IKEEXT has to do with the update. If it says the update failed, try disabling this and retrying the update.
Andrea ST Filters has to do with sounds, that's all I know about that.


Of the things you mentioned, the ones that sound fishy or iffy to me are the following:
Remote Procedure Call.
Remote Registry.
Superfetch.

Almost everything with "remote" attached to it in windows has to do with the "remote assistance" program. It's like Microsoft Outlook. That program can pretty much be considered a virus.

Basically with "remote assistance" you are able to allow other people to help you fix your computer. The only time I've needed other people's help, the computer was too broken to use the remote assistance program. It's like saying "go download your screen drivers from this website". Woop-de-do I can't even see what I'm doing let alone DL and install something. And when I can see it, I don't need it.

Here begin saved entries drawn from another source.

(* Split the sample space into the cells {D(.) = t, Z = z}.  For a pair of
   potential quantities V(0), V(1) that is independent of Z jointly with the
   compliance type, V(D) equals V(t z) on the cell (t, z), so its integral there
   factorises as P(Z = z) E[V(t z); D(.) = t].  Writing
   E[V(t z); t] = E[V(0); t] + t(z) (E[V(1); t] - E[V(0); t]), summing over the
   cells with z_l = 1, resp. z_l = 0, and normalising, the E[V(0); t] terms cancel:
     E[V(D) | Z_l = 1] - E[V(D) | Z_l = 0] = sum_t (E[V(1); t] - E[V(0); t]) phi_t(l).
   With V = Y this is rho_l = sum_t theta_t LATE_t phi_t(l), with V(b) = b it is
   pi_l = sum_t theta_t phi_t(l), and dividing gives both claims. *)

Section finite_partition.
Context d (T : measurableType d) (R : realType) (mu : {measure set T -> \bar R}).
Context (I : finType) (g : T -> I) (mg : forall i, measurable (g @^-1` [set i])).

Lemma measurable_preimage_fin (A : set I) : measurable (g @^-1` A).
Proof.
have -> : g @^-1` A = \big[setU/set0]_(i <- index_enum I | `[< A i >]) g @^-1` [set i].
  rewrite -bigcup_seq_cond; apply/seteqP; split => [w Aw | w [i /andP[_ /asboolP Ai] gwi]].
  - by exists (g w) => //=; rewrite mem_index_enum; apply/asboolP.
  - by rewrite /preimage /= gwi.
exact: bigsetU_measurable.
Qed.

Lemma integral_fibers (S : set T) (f : T -> R) : measurable S ->
  measurable_fun S (EFin \o f) ->
  (\int[mu]_(x in S) (f x)%:E = \sum_(i : I) \int[mu]_(x in S `&` g @^-1` [set i]) (f x)%:E)%E.
Proof.
move=> mS mf.
have SE : S = \big[setU/set0]_(i <- index_enum I) (S `&` g @^-1` [set i]).
  rewrite -bigcup_seq; apply/seteqP; split => [w Sw | w [i _ []]] //.
  by exists (g w) => //=; rewrite mem_index_enum.
rewrite [in LHS]SE integral_bigsetU_EFin ?index_enum_uniq -?SE //.
- by move=> i; exact: measurableI.
- apply/trivIsetP => i j _ _ /eqP ij; apply/seteqP; split => // w [[_ gwi] [_ gwj]].
  by apply: ij; rewrite -gwi -gwj.
Qed.

Lemma measure_fibers (S : set T) : measurable S ->
  mu S = (\sum_(i : I) mu (S `&` g @^-1` [set i]))%E.
Proof.
have intE (A : set T) : measurable A -> (\int[mu]_(x in A) (cst 1 x)%:E = mu A)%E.
  by move=> mA; rewrite (integral_cst mu mA 1%:E) mul1e.
move=> mS; rewrite -intE // integral_fibers //; last exact/measurable_EFinP/measurable_cst.
by apply: eq_bigr => i _; rewrite intE //; exact: measurableI.
Qed.

End finite_partition.

Section integral_independent.
Context d (T : measurableType d) (R : realType) (mu : {finite_measure set T -> \bar R}).
Local Open Scope ereal_scope.

Lemma ge0_integral_pushforward_mrestr (S : set T) (mS : measurable S) (Y : T -> R)
    (h : R -> \bar R) : measurable_fun setT Y -> measurable_fun setT h ->
    (forall x, 0 <= h x) ->
  \int[mu]_(w in S) (h \o Y) w = \int[pushforward (mrestr mu mS) Y]_x h x.
Proof.
move=> mY mh h0.
rewrite ge0_integral_pushforward // ?preimage_setT.
rewrite -(setUv S) ge0_integral_setU //; last 4 first.
- exact: measurableC.
- by rewrite setUv; exact: measurableT_comp.
- by move=> x _; exact: h0.
- exact/disj_set2P/setICr.
rewrite (@null_set_integral _ _ _ _ (~` S)) ?adde0; last 3 first.
- exact: measurableC.
- by apply: measurable_funTS; exact: measurableT_comp.
- by change (mu (~` S `&` S) = 0); rewrite setICl measure0.
by apply: eq_measure_integral => A mA AS; rewrite /= /mrestr setIidl.
Qed.

Lemma integral_setI_indep (Y : T -> R) (A E : set T) :
  measurable_fun setT Y -> measurable A -> measurable E ->
  mu.-integrable A (EFin \o Y) ->
  (forall B, measurable B -> mu (Y @^-1` B `&` A `&` E) = mu (Y @^-1` B `&` A) * mu E) ->
  \int[mu]_(w in A `&` E) (Y w)%:E = mu E * \int[mu]_(w in A) (Y w)%:E.
Proof.
move=> mY mA mE iY indep.
pose c : {nonneg R} := NngNum (fine_ge0 (measure_ge0 mu E)).
have cE : (c%:num)%:E = mu E by rewrite /= fineK // fin_num_measure.
have ge0_case (h : R -> \bar R) : measurable_fun setT h -> (forall x, 0 <= h x) ->
    \int[mu]_(w in A `&` E) (h \o Y) w = mu E * \int[mu]_(w in A) (h \o Y) w.
  move=> mh h0.
  rewrite (ge0_integral_pushforward_mrestr (measurableI _ _ mA mE)) //.
  rewrite (ge0_integral_pushforward_mrestr mA) // -cE -ge0_integral_mscale //.
  apply: eq_measure_integral => B mB _.
  change (mu (Y @^-1` B `&` (A `&` E)) = c%:num%:E * mu (Y @^-1` B `&` A)).
  by rewrite setIA indep // cE muleC.
rewrite integralE [X in _ = _ * X]integralE funepos_comp funeneg_comp.
rewrite !ge0_case //; [|exact: measurable_funeneg|exact: measurable_funepos].
rewrite [RHS]muleBr ?fin_num_measure //.
apply: fin_num_adde_defl; rewrite fin_numN -funeneg_comp.
by apply: integrable_fin_num => //; exact: integrable_funeneg.
Qed.

End integral_independent.

Lemma posdef_diag_gt0 (R : realType) (L : nat) (M : 'M[R]_L) (l : 'I_L) :
  posdef M -> 0 < M l l.
Proof.
have e_l_neq0 : delta_mx 0 l != 0 :> 'rV[R]_L.
  by apply/eqP => /matrixP/(_ 0 l)/eqP; rewrite !mxE !eqxx oner_eq0.
by move=> /(_ _ e_l_neq0); rewrite trmx_delta -rowE -colE !mxE.
Qed.

Lemma covariance_indic_full d (T : measurableType d) (R : realType) (P : probability T R)
    (A : set T) : measurable A -> P A = 1%E -> covariance P (\1_A) (\1_A) = 0%E.
Proof.
move=> mA PA1; rewrite unlock expectation_indic // PA1 /=.
have -> : ((\1_A \- cst 1) * (\1_A \- cst 1))%R = \1_(~` A) :> (T -> R).
  apply/funext => w; rewrite mulrfctE /= !indicE in_setC.
  by case: (w \in A) => /=; ring.
rewrite expectation_indic; last exact: measurableC.
by rewrite probability_setC // PA1 subee.
Qed.

Section instrument_values.
Context (L : nat).
Local Notation Zval := {ffun 'I_L -> bool}.
Implicit Types (z x : Zval) (l : 'I_L) (b : bool).

Lemma setc_at z l b : setc z l b l = b.
Proof. by rewrite ffunE eqxx. Qed.

Lemma setc_id z l b : z l = b -> setc z l b = z.
Proof. by move=> zl; apply/ffunP => j; rewrite ffunE; case: eqP => // ->. Qed.

Lemma setc_setc z l b c : setc (setc z l b) l c = setc z l c.
Proof. by apply/ffunP => j; rewrite !ffunE; case: eqP. Qed.

Lemma eq_setc x z l b : x = setc z l b <-> x l = b /\ forall j, j != l -> x j = z j.
Proof.
split=> [-> | [xl xz]]; first by split=> [|j /negbTE jl]; rewrite ffunE ?eqxx ?jl.
by apply/ffunP => j; rewrite ffunE; case: eqVneq => [->|/xz].
Qed.

Lemma sum_setc_true (V : nmodType) l (F : Zval -> V) :
  \sum_(z : Zval | ~~ z l) F (setc z l true) = \sum_(z : Zval | z l) F z.
Proof.
pose flip z := setc z l (~~ z l).
have flipK : involutive flip.
  by move=> z; rewrite /flip setc_setc (setc_at z) negbK setc_id.
rewrite [RHS](reindex_inj (inv_inj flipK)) /=.
by apply: eq_big => [z | z /negbTE zl]; rewrite /flip ?(setc_at z) ?zl.
Qed.

End instrument_values.

Section first_stage_weights.
Context d (T : measurableType d) (R : realType) (P : probability T R) (L : nat)
  (Z : T -> {ffun 'I_L -> bool}).
Local Notation Zval := {ffun 'I_L -> bool}.

Lemma q_E l z : q_ P Z l z = pr P [set w | Z w = setc z l true] / pr P (Zl1 Z l).
Proof. by congr (pr P _ / _); apply/seteqP; split => w /eq_setc. Qed.

Lemma q0_E l z : q0_ P Z l z = pr P [set w | Z w = setc z l false] / pr P (Zl0 Z l).
Proof.
congr (pr P _ / _); apply/seteqP; split => w /=.
- by move=> [/negbTE zl zz]; apply/eq_setc.
- by move=> /eq_setc[-> zz].
Qed.

Lemma phiE (t : {ffun Zval -> bool}) l : phi P Z t l =
  (\sum_(z : Zval | z l) (t z)%:R * pr P [set w | Z w = z]) / pr P (Zl1 Z l) -
  (\sum_(z : Zval | ~~ z l) (t z)%:R * pr P [set w | Z w = z]) / pr P (Zl0 Z l).
Proof.
rewrite /phi sumrB !mulr_suml -sum_setc_true.
congr (_ - _); apply: eq_bigr => z zl; rewrite ?q_E ?q0_E ?mulrA //.
by rewrite setc_id //; exact/negbTE.
Qed.

End first_stage_weights.

Section potential_outcomes.
Context d (T : measurableType d) (R : realType) (P : probability T R) (L : nat)
  (Tp : T -> {ffun {ffun 'I_L -> bool} -> bool}) (Z : T -> {ffun 'I_L -> bool}).
Hypotheses (mTp : forall t, measurable [set w | Tp w = t])
  (mZ : forall z, measurable [set w | Z w = z]).
Local Notation Zval := {ffun 'I_L -> bool}.
Local Notation ctype := {ffun Zval -> bool}.

Definition type_instrument (w : T) : ctype * Zval := (Tp w, Z w).

Lemma type_instrument_fiberE i :
  type_instrument @^-1` [set i] = [set w | Tp w = i.1] `&` [set w | Z w = i.2].
Proof.
by case: i => t z; rewrite /type_instrument; apply/seteqP; split => w /= [<- <-].
Qed.

Lemma measurable_type_instrument_fiber i : measurable (type_instrument @^-1` [set i]).
Proof. by rewrite type_instrument_fiberE; exact: measurableI. Qed.

Lemma measurable_instrument_event (b : pred Zval) : measurable [set w | b (Z w)].
Proof. exact: (measurable_preimage_fin mZ [set z | b z]). Qed.

Definition obs (V : bool -> T -> R) (w : T) : R := V (Dobs Tp Z w) w.

Definition mean_on_type (V : bool -> T -> R) (t : ctype) (b : bool) : R :=
  fine (\int[P]_(w in [set w | Tp w = t]) (V b w)%:E).

Definition instrument_independent (V : bool -> T -> R) : Prop :=
  forall b t z B, measurable B ->
    P (V b @^-1` B `&` [set w | Tp w = t] `&` [set w | Z w = z]) =
    (P (V b @^-1` B `&` [set w | Tp w = t]) * P [set w | Z w = z])%E.

Lemma pr_instrument_event (b : pred Zval) :
  pr P [set w | b (Z w)] = \sum_(z : Zval | b z) pr P [set w | Z w = z].
Proof.
rewrite /pr (measure_fibers _ mZ); last exact: measurable_instrument_event.
rewrite sum_fine => [|z _]; last exact: fin_num_measure.
congr fine; rewrite [RHS]big_mkcond; apply: eq_bigr => z _; case: ifPn => bz.
  by congr (P _); apply/seteqP; split => [w [] | w zw] //=; split; rewrite //= zw.
rewrite (_ : _ `&` _ = set0) ?measure0 //.
by apply/seteqP; split => // w /= [+ zw]; rewrite zw (negbTE bz).
Qed.

Section observed_quantity.
Variable V : bool -> T -> R.
Hypotheses (mV : forall b, measurable_fun setT (V b))
  (iV : forall b, P.-integrable setT (EFin \o V b))
  (indepV : instrument_independent V).

Lemma measurable_obs : measurable_fun setT (obs V).
Proof.
have -> : obs V = fun w => if Dobs Tp Z w then V true w else V false w.
  by apply/funext => w; rewrite /obs; case: (Dobs Tp Z w).
apply: measurable_fun_if => //; [|exact: measurable_funTS..].
apply: (measurable_fun_bool true); rewrite setTI.
exact: (measurable_preimage_fin measurable_type_instrument_fiber [set i : ctype * Zval | i.1 i.2]).
Qed.

Lemma fin_num_integral_on_type t b :
  (\int[P]_(w in [set w | Tp w = t]) (V b w)%:E)%E \is a fin_num.
Proof. by apply: integrable_fin_num => //; exact: integrableS (iV b). Qed.

Lemma integral_obs_fiber t z :
  (\int[P]_(w in type_instrument @^-1` [set (t, z)]) (obs V w)%:E =
   P [set w | Z w = z] * \int[P]_(w in [set w | Tp w = t]) (V (t z) w)%:E)%E.
Proof.
rewrite type_instrument_fiberE /=.
transitivity (\int[P]_(w in [set w | Tp w = t] `&` [set w | Z w = z]) (V (t z) w)%:E)%E.
  by apply: eq_integral => w /[!inE] -[/= Ht Hz]; rewrite /obs /Dobs Ht Hz.
apply: integral_setI_indep => //; last exact: indepV.
exact: integrableS (iV _).
Qed.
Section CellularTransfer.
Local Unset Implicit Arguments.
Variables (R : comPzRingType) (alpha : S -> S -> R).
Hypothesis alpha_star : forall x y, alpha x y = alpha (star y) (star x).
Variable beta : Dcl mul -> S -> S -> R.
Hypothesis beta_unit : forall D x y, x \in LD one D -> y \in LDs star one D ->
      exists b, beta D x y * b = 1.
Hypothesis beta_tw : forall D x y z,
      x \in LD one D -> y \in LD one D -> y \in LDs star one D ->
      mul x y \in LD one D -> z \in LDs star one D -> mul y z \in LDs star one D ->
      beta D x y * beta D (mul x y) z = beta D x (mul y z) * beta D y z.
Hypothesis alpha_beta : forall D x y z,
      mul x y \in LD one D -> y \in LD one D -> z \in LDs star one D ->
      alpha x y * beta D (mul x y) z = alpha x (mul y z) * beta D y z.
Hypothesis beta_star : forall D x y, x \in LD one D -> y \in LDs star one D ->
      beta D x y = beta D (star y) (star x).
Variables (Lam : Dcl mul -> finType) (le : forall D, rel (Lam D)).
Variables (M : forall D, Lam D -> finType).
Variables (C : forall D (l : Lam D), M D l -> M D l -> {ffun Gt star one D -> R}).
Hypothesis cellD : forall D,
  is_cellular (@gmul R S mul star one D (beta D)) (@gstar R S mul star one D) (le D) (C D).
Local Set Implicit Arguments.

Local Notation G D := (Gt star one D).
Local Notation "f ** g" := (tmul mul alpha f g) (at level 40).

Let beta_unit_in D x y : inLD D x -> inRD D y -> exists b, beta D x y * b = 1.
Proof. by move=> hx hy; apply: beta_unit; [apply/LDP | apply/LDsP]. Qed.

Let beta_tw_in D x y z : inLD D x -> inGD D y -> inLD D (mul x y) -> inRD D z ->
  inRD D (mul y z) -> beta D x y * beta D (mul x y) z = beta D x (mul y z) * beta D y z.
Proof.
move=> hx [hyl hyr] hxy hz hyz.
by apply: beta_tw; [apply/LDP | apply/LDP | apply/LDsP | apply/LDP | apply/LDsP | apply/LDsP].
Qed.

Let alpha_beta_in D x y z : inLD D (mul x y) -> inLD D y -> inRD D z ->
  alpha x y * beta D (mul x y) z = alpha x (mul y z) * beta D y z.
Proof. by move=> hxy hy hz; apply: alpha_beta; [apply/LDP | apply/LDP | apply/LDsP]. Qed.

Let beta_star_in D x y : inLD D x -> inRD D y -> beta D x y = beta D (star y) (star x).
Proof. by move=> hx hy; apply: beta_star; [apply/LDP | apply/LDsP]. Qed.

Lemma alpha_beta_swap D y w v : inLD D y -> inRD D w -> inLD D v -> inGD D (mul w v) ->
  alpha (mul y w) v * beta D y w = alpha w v * beta D y (mul w v).
Proof.
move=> hy hw hv [hwvl hwvr].
rewrite alpha_star starM (beta_star_in hy hw) -alpha_beta_in.
- by rewrite -starM -beta_star_in // -alpha_star.
- by rewrite -starM; apply: inRD_star.
- exact: inRD_star.
- exact: inLD_star.
Qed.

Lemma beta_cocycle D v' g w v h w' :
  inLD D v' -> inGD D g -> inRD D w -> inLD D v -> inGD D h -> inRD D w' ->
  inGD D (mul w v) ->
  beta D v' g * beta D (mul v' g) w * (beta D v h * beta D (mul v h) w') *
    alpha (mul (mul v' g) w) (mul (mul v h) w')
  = alpha w v * beta D g (mul w v) * beta D (mul g (mul w v)) h *
    (beta D v' (mul (mul g (mul w v)) h) * beta D (mul v' (mul (mul g (mul w v)) h)) w').
Proof.
move=> hv' hg hw hv hh hw' hp.
have hv'g := inLD_mulG hv' hg; have hgp := inGD_mul hg hp; have hgph := inGD_mul hgp hh.
set x := mul (mul v' g) w; set p := mul w v; set q := mul g p.
have xv : mul x v = mul v' q by rewrite /x /q /p !mulA.
have xvh : mul x (mul v h) = mul v' (mul q h) by rewrite /x /q /p !mulA.
have E1 : alpha x (mul (mul v h) w') * beta D (mul v h) w' =
          alpha x (mul v h) * beta D (mul x (mul v h)) w'.
  by rewrite alpha_beta_in // ?xvh; [apply: inLD_mulG | apply: inLD_mulG].
have E2 : alpha x (mul v h) * beta D v h = alpha x v * beta D (mul x v) h.
  by rewrite alpha_beta_in // ?xv; [apply: inLD_mulG | case: hh].
have E3 : alpha x v * beta D (mul v' g) w = alpha w v * beta D (mul v' g) p.
  exact: alpha_beta_swap.
have T1 : beta D v' g * beta D (mul v' g) p = beta D v' q * beta D g p.
  by rewrite beta_tw_in //; [case: hp | case: hgp].
have T2 : beta D v' q * beta D (mul v' q) h = beta D v' (mul q h) * beta D q h.
  by rewrite beta_tw_in //; [exact: inLD_mulG | case: hh | case: hgph].
transitivity (beta D v' g * beta D (mul v' g) w * beta D v h *
  (alpha x (mul (mul v h) w') * beta D (mul v h) w')); first by ring.
rewrite E1; transitivity (beta D v' g * beta D (mul v' g) w *
  (alpha x (mul v h) * beta D v h) * beta D (mul x (mul v h)) w'); first by ring.
rewrite E2; transitivity (beta D v' g * (alpha x v * beta D (mul v' g) w) *
  beta D (mul x v) h * beta D (mul x (mul v h)) w'); first by ring.
rewrite E3 xv xvh; transitivity (alpha w v * (beta D v' g * beta D (mul v' g) p) *
  beta D (mul v' q) h * beta D (mul v' (mul q h)) w'); first by ring.
rewrite T1; transitivity (alpha w v * beta D g p *
  (beta D v' q * beta D (mul v' q) h) * beta D (mul v' (mul q h)) w'); first by ring.
by rewrite T2; ring.
Qed.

Superfetch just sounds like some kind of unnecessary add-on or plug-in that was origionally supposed to help but does nothing.

The others just don't strike me as being weird.


In short, even though those 3 processes could be disabled without hurting your computer that is very unlikely the source of the problem or the solution. I'll get back to you on here if I find out more.



www.file.net/process/stllssvr.exe.html

[Phantagirow]

omg Musicman, thanks for the information. It's amazing, how do you know so much about computers anyway?? XD

As for the remote assistance, I went to Dell support website 2 days ago and one of the tech representative asked me to download and install that (from Dellconnect.com). The tech rep didn't really ask me what's wrong with my laptop, lol

Just said something along the lines "I need to see if your system have driver conflicts"
Sometimes when the tech rep moves the mouse and do stuff, I can't see it on my screen.
In the end, only updated the network driver which I was already doing, lol....
so it didn't solve the weird massive bytes transfer and intermittent inability to access internet.

I've deleted the software downloaded from Dellconnect, but in the services section I am unable to do anything to Remote Procedure Call (RPC). It starts automatically at startup.

Checked the properties and found out it's from C:\Windows\system32\svchost.exe -k rpcss

That svchost.exe also has at least 12 processes running all with the ambiguous description "Host Process for Windows Services" lol, like what kind of services? I have absolutely no idea. But seeing it is in the windows/system32 folder I'm quite hesitant to mess with it, didn't want to play up my laptop.

I've disabled all the weird services that starts automatically, some that I'm not exactly sure of I put it to manual. But everytime I restart all the services I disabled changed back to Automatic again, lol??

Anybody else in the guild using Vista S2? It would be great if we could compare and see if what's happening on my laptop is normal.